From the line containing "b k') lam a" down to the line containing "by move=> Hp" in the records below, reproduce every line exactly, ends included, and omit all others.

_Listed records_
+ + + +
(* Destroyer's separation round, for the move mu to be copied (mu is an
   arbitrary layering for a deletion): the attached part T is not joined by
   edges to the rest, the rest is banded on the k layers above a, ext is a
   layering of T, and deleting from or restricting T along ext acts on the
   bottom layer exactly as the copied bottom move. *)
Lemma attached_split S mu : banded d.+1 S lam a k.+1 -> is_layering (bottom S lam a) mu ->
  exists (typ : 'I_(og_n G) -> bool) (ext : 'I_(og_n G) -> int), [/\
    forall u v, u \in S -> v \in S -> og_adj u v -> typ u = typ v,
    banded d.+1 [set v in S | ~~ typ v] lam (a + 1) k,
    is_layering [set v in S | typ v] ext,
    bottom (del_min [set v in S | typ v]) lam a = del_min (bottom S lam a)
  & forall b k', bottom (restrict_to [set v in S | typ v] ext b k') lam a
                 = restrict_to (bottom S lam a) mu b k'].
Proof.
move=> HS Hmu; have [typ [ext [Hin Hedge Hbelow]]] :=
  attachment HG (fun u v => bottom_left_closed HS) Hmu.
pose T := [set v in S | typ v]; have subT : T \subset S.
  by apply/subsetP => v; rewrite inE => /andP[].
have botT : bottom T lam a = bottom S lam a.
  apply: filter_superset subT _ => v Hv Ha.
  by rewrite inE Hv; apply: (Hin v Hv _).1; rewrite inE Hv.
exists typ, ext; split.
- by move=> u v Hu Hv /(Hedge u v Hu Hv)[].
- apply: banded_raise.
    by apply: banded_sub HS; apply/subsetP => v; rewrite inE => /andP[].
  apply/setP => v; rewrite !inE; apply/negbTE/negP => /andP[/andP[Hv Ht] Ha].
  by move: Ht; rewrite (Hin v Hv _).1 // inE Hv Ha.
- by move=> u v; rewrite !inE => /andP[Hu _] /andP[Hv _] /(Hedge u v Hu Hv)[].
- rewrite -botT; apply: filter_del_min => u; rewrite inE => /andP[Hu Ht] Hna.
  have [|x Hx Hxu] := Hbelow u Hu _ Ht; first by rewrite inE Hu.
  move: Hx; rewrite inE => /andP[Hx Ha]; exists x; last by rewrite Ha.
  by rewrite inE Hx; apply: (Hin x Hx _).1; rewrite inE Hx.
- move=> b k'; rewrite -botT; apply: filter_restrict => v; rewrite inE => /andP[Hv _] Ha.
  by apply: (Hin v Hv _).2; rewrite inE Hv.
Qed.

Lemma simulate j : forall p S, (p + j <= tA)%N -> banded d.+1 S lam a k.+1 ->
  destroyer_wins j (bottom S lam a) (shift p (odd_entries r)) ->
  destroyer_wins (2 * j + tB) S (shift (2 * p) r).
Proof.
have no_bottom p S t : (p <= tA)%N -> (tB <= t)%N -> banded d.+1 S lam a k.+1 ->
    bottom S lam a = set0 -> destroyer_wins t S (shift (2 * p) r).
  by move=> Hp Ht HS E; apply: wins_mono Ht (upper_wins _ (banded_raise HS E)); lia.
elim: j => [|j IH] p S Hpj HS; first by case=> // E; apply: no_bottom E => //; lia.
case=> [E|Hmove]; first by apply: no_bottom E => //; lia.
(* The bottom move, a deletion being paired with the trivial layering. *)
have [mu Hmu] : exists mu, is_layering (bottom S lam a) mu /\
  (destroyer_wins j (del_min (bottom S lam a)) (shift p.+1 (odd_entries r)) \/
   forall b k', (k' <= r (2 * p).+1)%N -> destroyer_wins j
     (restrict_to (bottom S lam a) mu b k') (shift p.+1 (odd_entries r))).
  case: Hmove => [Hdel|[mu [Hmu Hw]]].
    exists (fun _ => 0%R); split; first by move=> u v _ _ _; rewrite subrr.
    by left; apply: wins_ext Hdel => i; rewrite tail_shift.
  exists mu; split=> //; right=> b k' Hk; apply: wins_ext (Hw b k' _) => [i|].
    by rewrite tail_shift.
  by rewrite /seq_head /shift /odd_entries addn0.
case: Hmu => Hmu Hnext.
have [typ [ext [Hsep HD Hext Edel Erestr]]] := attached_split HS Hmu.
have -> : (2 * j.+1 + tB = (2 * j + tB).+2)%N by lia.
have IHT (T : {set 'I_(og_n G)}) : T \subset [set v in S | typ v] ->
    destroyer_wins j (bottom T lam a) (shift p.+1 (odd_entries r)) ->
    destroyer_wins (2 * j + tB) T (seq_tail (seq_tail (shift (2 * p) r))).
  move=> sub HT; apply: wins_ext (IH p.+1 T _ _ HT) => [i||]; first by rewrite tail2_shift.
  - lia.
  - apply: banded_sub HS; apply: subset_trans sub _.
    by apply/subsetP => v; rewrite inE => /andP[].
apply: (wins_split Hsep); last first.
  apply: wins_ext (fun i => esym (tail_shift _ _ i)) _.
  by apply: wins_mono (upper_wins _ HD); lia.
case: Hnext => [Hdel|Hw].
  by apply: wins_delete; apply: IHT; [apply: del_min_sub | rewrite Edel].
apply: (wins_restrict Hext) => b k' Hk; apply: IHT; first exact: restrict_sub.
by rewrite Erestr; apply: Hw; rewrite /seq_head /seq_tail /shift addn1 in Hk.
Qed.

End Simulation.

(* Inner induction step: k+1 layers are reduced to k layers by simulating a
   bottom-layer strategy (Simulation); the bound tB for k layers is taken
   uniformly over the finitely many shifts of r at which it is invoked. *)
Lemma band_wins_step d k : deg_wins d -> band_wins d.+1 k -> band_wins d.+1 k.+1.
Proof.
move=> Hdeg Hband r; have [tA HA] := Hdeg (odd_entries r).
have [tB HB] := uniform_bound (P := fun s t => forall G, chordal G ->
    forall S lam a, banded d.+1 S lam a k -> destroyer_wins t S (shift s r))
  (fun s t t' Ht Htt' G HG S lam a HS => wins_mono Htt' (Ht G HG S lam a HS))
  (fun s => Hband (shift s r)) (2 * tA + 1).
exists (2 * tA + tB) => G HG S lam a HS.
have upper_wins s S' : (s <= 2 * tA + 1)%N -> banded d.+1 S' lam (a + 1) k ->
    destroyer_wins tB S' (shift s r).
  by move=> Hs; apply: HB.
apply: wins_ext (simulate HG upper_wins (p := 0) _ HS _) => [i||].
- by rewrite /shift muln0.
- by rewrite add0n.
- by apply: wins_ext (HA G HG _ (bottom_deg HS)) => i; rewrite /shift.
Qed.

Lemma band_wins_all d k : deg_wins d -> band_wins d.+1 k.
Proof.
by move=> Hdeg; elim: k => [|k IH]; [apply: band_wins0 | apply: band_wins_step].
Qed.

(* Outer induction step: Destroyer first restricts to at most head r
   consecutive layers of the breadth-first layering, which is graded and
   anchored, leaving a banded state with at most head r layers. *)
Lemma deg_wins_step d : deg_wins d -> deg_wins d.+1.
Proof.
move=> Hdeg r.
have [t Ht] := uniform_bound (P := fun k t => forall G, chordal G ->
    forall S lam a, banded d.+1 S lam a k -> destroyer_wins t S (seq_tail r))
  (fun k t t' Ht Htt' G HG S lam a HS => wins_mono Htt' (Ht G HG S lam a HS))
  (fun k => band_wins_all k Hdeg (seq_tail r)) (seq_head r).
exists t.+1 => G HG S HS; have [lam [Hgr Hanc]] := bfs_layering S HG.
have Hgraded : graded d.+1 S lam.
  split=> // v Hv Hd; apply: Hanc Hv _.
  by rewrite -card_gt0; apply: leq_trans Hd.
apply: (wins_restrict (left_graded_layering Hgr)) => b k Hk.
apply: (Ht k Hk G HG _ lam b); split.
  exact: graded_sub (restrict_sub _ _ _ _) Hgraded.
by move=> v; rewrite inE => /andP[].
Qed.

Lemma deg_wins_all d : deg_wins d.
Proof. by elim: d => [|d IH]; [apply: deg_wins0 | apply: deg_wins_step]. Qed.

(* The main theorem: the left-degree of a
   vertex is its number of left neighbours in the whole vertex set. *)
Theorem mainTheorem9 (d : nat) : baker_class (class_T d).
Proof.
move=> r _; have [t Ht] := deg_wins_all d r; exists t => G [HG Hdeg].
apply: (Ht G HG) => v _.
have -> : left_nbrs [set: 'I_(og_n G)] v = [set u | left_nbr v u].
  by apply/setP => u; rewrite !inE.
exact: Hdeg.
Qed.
+ + + +
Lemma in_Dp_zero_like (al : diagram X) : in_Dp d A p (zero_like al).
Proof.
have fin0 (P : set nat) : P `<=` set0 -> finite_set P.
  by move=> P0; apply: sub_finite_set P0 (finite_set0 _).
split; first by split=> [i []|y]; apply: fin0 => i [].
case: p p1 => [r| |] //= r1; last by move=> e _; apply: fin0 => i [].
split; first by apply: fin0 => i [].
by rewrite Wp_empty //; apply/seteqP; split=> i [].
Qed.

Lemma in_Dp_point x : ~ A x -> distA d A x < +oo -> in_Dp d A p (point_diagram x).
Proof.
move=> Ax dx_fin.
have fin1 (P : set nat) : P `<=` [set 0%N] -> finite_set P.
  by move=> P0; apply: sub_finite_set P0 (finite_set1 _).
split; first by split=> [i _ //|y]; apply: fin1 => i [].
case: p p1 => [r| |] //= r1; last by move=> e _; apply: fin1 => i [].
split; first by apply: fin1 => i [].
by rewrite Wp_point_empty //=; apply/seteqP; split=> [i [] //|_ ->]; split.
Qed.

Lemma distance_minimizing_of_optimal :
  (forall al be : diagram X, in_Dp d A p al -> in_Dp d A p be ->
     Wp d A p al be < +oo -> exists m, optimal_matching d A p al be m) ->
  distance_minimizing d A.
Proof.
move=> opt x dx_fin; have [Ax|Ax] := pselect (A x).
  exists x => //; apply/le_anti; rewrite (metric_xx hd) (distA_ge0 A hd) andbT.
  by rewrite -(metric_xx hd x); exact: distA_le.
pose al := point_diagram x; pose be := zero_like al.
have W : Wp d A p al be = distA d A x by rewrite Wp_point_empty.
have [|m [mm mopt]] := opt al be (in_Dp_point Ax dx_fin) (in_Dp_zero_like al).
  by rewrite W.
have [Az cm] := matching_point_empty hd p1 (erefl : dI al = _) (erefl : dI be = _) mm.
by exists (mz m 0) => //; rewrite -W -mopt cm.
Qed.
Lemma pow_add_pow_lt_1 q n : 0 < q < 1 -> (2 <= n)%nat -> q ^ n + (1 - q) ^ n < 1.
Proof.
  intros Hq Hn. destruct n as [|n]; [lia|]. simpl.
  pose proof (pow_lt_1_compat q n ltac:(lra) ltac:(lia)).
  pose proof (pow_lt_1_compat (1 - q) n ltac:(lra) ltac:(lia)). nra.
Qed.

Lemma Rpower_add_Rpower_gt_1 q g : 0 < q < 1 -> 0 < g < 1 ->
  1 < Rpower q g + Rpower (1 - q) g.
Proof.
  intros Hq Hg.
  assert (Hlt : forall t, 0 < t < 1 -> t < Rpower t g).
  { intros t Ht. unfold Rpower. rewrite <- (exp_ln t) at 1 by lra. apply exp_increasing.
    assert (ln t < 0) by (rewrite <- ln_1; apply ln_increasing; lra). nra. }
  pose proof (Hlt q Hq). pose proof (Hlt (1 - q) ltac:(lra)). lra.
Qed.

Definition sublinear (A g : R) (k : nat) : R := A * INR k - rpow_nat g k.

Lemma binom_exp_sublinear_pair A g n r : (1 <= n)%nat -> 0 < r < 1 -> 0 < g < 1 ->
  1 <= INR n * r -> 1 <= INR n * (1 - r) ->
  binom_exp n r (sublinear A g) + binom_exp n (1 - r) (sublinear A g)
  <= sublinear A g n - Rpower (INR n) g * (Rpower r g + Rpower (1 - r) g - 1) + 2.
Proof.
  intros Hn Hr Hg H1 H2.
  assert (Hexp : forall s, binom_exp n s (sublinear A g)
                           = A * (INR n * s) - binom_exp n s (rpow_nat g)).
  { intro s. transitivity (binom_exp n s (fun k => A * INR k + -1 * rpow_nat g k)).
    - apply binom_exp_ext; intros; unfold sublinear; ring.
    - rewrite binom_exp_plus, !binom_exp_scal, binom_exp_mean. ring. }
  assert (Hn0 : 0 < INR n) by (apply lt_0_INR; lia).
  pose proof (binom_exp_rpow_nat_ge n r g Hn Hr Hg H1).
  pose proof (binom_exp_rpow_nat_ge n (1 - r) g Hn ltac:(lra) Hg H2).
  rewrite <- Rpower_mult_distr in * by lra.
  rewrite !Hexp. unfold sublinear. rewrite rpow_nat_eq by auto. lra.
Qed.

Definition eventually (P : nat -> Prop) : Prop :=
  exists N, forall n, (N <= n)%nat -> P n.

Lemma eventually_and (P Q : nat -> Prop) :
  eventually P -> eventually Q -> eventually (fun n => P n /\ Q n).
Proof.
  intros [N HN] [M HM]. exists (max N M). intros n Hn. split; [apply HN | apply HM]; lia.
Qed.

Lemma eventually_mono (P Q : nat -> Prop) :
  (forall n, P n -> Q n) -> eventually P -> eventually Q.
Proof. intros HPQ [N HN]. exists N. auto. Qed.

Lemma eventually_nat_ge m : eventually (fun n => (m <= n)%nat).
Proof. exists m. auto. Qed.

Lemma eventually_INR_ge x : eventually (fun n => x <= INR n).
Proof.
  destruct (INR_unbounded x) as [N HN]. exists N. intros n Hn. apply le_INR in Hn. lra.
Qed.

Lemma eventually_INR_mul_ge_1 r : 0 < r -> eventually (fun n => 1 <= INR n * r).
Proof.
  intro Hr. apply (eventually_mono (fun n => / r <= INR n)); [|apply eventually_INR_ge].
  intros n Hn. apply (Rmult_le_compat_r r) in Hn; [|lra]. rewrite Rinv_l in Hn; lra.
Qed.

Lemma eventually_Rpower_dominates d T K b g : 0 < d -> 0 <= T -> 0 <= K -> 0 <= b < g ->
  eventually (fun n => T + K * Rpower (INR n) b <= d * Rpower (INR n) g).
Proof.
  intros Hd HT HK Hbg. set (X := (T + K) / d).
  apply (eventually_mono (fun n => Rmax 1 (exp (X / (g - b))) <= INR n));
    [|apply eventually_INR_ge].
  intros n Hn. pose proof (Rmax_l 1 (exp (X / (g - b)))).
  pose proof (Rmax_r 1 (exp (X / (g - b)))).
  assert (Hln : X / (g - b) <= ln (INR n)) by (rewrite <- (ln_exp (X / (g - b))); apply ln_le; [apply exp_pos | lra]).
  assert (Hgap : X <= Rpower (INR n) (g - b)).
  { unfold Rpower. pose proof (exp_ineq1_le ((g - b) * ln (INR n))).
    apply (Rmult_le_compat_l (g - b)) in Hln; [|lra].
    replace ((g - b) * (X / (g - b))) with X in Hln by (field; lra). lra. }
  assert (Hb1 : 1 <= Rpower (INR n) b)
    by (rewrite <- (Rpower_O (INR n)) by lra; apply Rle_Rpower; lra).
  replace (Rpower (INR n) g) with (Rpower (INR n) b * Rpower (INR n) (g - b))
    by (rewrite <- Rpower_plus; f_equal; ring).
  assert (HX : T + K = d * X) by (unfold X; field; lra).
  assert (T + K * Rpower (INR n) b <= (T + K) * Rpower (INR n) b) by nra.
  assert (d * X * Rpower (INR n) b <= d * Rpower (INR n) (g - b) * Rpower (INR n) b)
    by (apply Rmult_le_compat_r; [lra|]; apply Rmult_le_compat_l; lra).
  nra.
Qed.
+ + + +
_Task answer_
  & forall b k', bottom (restrict_to [set v in S | typ v] ext b k') lam a
                 = restrict_to (bottom S lam a) mu b k'].
Proof.
move=> HS Hmu; have [typ [ext [Hin Hedge Hbelow]]] :=
  attachment HG (fun u v => bottom_left_closed HS) Hmu.
pose T := [set v in S | typ v]; have subT : T \subset S.
  by apply/subsetP => v; rewrite inE => /andP[].
have botT : bottom T lam a = bottom S lam a.
  apply: filter_superset subT _ => v Hv Ha.
  by rewrite inE Hv; apply: (Hin v Hv _).1; rewrite inE Hv.
exists typ, ext; split.
- by move=> u v Hu Hv /(Hedge u v Hu Hv)[].
- apply: banded_raise.
    by apply: banded_sub HS; apply/subsetP => v; rewrite inE => /andP[].
  apply/setP => v; rewrite !inE; apply/negbTE/negP => /andP[/andP[Hv Ht] Ha].
  by move: Ht; rewrite (Hin v Hv _).1 // inE Hv Ha.
- by move=> u v; rewrite !inE => /andP[Hu _] /andP[Hv _] /(Hedge u v Hu Hv)[].
- rewrite -botT; apply: filter_del_min => u; rewrite inE => /andP[Hu Ht] Hna.
  have [|x Hx Hxu] := Hbelow u Hu _ Ht; first by rewrite inE Hu.
  move: Hx; rewrite inE => /andP[Hx Ha]; exists x; last by rewrite Ha.
  by rewrite inE Hx; apply: (Hin x Hx _).1; rewrite inE Hx.
- move=> b k'; rewrite -botT; apply: filter_restrict => v; rewrite inE => /andP[Hv _] Ha.
  by apply: (Hin v Hv _).2; rewrite inE Hv.
Qed.

Lemma simulate j : forall p S, (p + j <= tA)%N -> banded d.+1 S lam a k.+1 ->
  destroyer_wins j (bottom S lam a) (shift p (odd_entries r)) ->
  destroyer_wins (2 * j + tB) S (shift (2 * p) r).
Proof.
have no_bottom p S t : (p <= tA)%N -> (tB <= t)%N -> banded d.+1 S lam a k.+1 ->
    bottom S lam a = set0 -> destroyer_wins t S (shift (2 * p) r).
  by move=> Hp Ht HS E; apply: wins_mono Ht (upper_wins _ (banded_raise HS E)); lia.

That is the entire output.